Vorher hat Oedipus das Wort gewußt, an dem die Macht der Sphinx sich brechen mußte; so hat auch Gide das Wort, kraft dessen sich das Grausen der sophokleischen Tragödie lichtete, vorher gewußt. Mehr als zwölf Jahre sind es, da erschienen seine »Gedanken über die griechische Mythologie« und dort heißt es: »Wie hat man nur dergleichen glauben können? ruft Voltaire. Und dennoch: an erster Stelle ist es die Vernunft und nur die Vernunft ist es, an die jeder Mythos sich wendet und keinen hat man verstanden, wenn nicht zuerst die Vernunft ihn annimmt. Die griechische Sage ist von Grund auf vernünftig und eben daher darf man, ohne ein schlechter Christ zu sein, sagen, daß sie viel leichter zu fassen ist als die Lehre des Paulus.« Nun verstehe man recht: nirgends behauptet der Dichter, es sei die ratio, die die griechische Sage gewoben, noch auch, daß nur in ihr der griechische Sinn des Mythos gelegen habe. Das Wichtige ist vielmehr, welchen Abstand der heutige von jenem alten Sinn gewinnt und wie der Abstand von der alten Deutung nur neue Nähe zur Sage selber ist, aus der der neue Sinn sich unerschöpflich immer neuem Finden bietet. Darum ist die Griechensage wie der Krug Philemons, »den kein Durst leert, wenn man in Jupiters Gesellschaft trinkt«. Der rechte Augenblick ist auch ein Jupiter und somit kann der Neoklassizismus heute in der Sage entdecken, was noch niemals in ihr gefunden wurde: die Konstruktion, die Logik, die Vernunft.
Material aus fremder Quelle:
(* Let $k\geq 2$ be an integer and let $G=(V,E)$ be a graph on $n$ vertices. Let $\sim$ be a symmetric binary relation on $E$ such that for every $uv\in E$ and every $w\in V$, $w$ has at most $s$ neighbours $z\in V$ with $uv\sim wz$. Then the number of homomorphic $2k$-cycles $(x_1,\dots,x_{2k})$ in $G$ such that $x_ix_{i+1}\sim x_jx_{j+1}$ for some $i\neq j$ (indices modulo $2k$) is at most $$32k^{3/2}s^{1/2}\Delta(G)^{1/2}n^{\frac{1}{2k}}\hom(C_{2k},G)^{1-\frac{1}{2k}}.$$
   Context: A homomorphic $2k$-cycle in $G$ is a tuple $(x_1,\dots,x_{2k})\in V^{2k}$ (not necessarily distinct) with $x_ix_{i+1}\in E$ for all $1\leq i\leq 2k$, where $x_{2k+1}:=x_1$. $\hom(H,G)$ denotes the number of graph homomorphisms from $H$ to $G$ (maps $V(H)\to V(G)$ sending edges to edges); thus $\hom(C_{2k},G)$ is the number of homomorphic $2k$-cycles. $\Delta(G)$ is the maximum degree. *)

From mathcomp Require Import all_boot all_order all_algebra.
From mathcomp Require Import all_classical all_reals all_analysis.
Set Implicit Arguments. Unset Strict Implicit. Unset Printing Implicit Defensive.

(* Simple graph: e : rel V symmetric and irreflexive, V a finType (n = #|V|).
   An edge uv is represented by the unordered pair [set u; v] : {set V}. *)
Definition simple_graph (V : finType) (e : rel V) : Prop :=
  symmetric e /\ irreflexive e.

Definition is_hom_cycle (V : finType) (e : rel V) (m : nat) (x : {ffun 'I_m -> V}) : bool :=
  [forall i : 'I_m, e (x i) (x (ordS i))].

Definition hom_cycle (V : finType) (e : rel V) (m : nat) : nat :=
  #|[set x : {ffun 'I_m -> V} | is_hom_cycle e x]|.

Definition max_deg (V : finType) (e : rel V) : nat :=
  \max_(v : V) #|[set w | e v w]|.

Definition cyc_edge (V : finType) (m : nat) (x : {ffun 'I_m -> V}) (i : 'I_m) : {set V} :=
  [set x i; x (ordS i)].

Definition bad_cycles (V : finType) (e : rel V) (sim : rel {set V}) (m : nat) :=
  [set x : {ffun 'I_m -> V} | is_hom_cycle e x &&
     [exists i : 'I_m, exists j : 'I_m, (i != j) && sim (cyc_edge x i) (cyc_edge x j)]].

From mathcomp Require Import all_boot all_order all_algebra.
From mathcomp Require Import all_classical all_reals all_analysis.
From mathcomp Require Import zify ring.
Import Order.TTheory GRing.Theory Num.Theory.
Set Implicit Arguments. Unset Strict Implicit. Unset Printing Implicit Defensive.

(* Let W_j(u,v) be the number of walks of length j from u to v and
   T_j = sum_(u,v) W_j(u,v)^2 the number of closed walks of length 2j;
   thus T_0 = n and hom(C_2k, G) = T_k.  The proof has four steps.
   1. Log-convexity: T_(j+1) = sum W_j W_(j+2), so Cauchy-Schwarz gives
      T_(j+1)^2 <= T_j T_(j+2); iterating, T_(k-1)^k <= n T_k^(k-1).
   2. Rotation: two related edges of a 2k-cycle lie at cyclic distance at
      most k, so after a rotation the first edge is related to one of the
      next k edges; hence #bad <= 2k B, where B counts such cycles.
   3. Such a cycle is c, u, a walk u...v of length k containing an edge
      related to cu (N(c,u,v) <= W_k(u,v) choices), and a walk v...c of
      length k-1: B = sum [cu in E] N(c,u,v) W_(k-1)(v,c).  As
      sum_c [cu in E] N(c,u,v) <= k s W_k(u,v) and deg c <= Delta, a weighted
      Cauchy-Schwarz inequality gives B^2 <= (k s T_k) (Delta T_(k-1)).
   4. Arithmetic: #bad^2 <= 4k^2 B^2 <= 4 k^3 s Delta T_k n^(1/k) T_k^(1-1/k).
   Steps 1-3 are carried out over nat, with s replaced by its integer part;
   walks and cycles are represented by words (lists) over V. *)

Lemma double_le_add (t a b : nat) : t ^ 2 <= a * b -> 2 * t <= a + b.
Proof.
move=> h; rewrite -(@leq_exp2r _ _ 2) // expnMn.
apply: leq_trans (nat_AGM2 a b).1; rewrite (_ : 2 ^ 2 = 4) //.
by rewrite leq_mul2l.
Qed.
Wir halten ein, um uns entgegnen zu lassen, anstelle der Erklärung sei nunmehr ein wahrhaft schwindelerregendes Paradoxon getreten. Da, wo der Palast des Oedipus gestanden hat, das Haus, das wie kein anderes von Nacht und Grauen, Blutschande, Vatermord, Verhängnis, Schuld umwittert war, soll heute sich der Tempel der Göttin der Vernunft erheben? Wie kann das sein? Was ist dem Oedipus in den dreiundzwanzig Jahrhunderten, da Sophokles ihn zuerst auf die Griechenbühne stellte, bis zu dem heutigen Tage, da ihn Gide von neuem auf die Frankreichs stellt, geschehen? Wenig. Was bewirkt dies Wenige? Viel. Oedipus hat die Sprache gewonnen. Der sophokleische Oedipus nämlich ist stumm, fast stumm. Spürhund auf seiner eigenen Spur, Schreiender unter der Mißhandlung seiner eigenen Hände, kann Denken, ja Besinnung keine Stelle in seinen Reden finden. Zwar ist er unersättlich, das Fürchterliche von neuem immer wiederholend, auszusprechen:

    O Ehe, Ehe!
Du pflanztest mich. Und da du mich gepflanzt,
So sandtest du denselben Saamen aus,
Und zeigtest Väter, Brüder, Kinder, ein
Verwandtes Blut, und Jungfraun, Weiber, Mütter,
Und was nur schändlichstes entstehet unter Menschen!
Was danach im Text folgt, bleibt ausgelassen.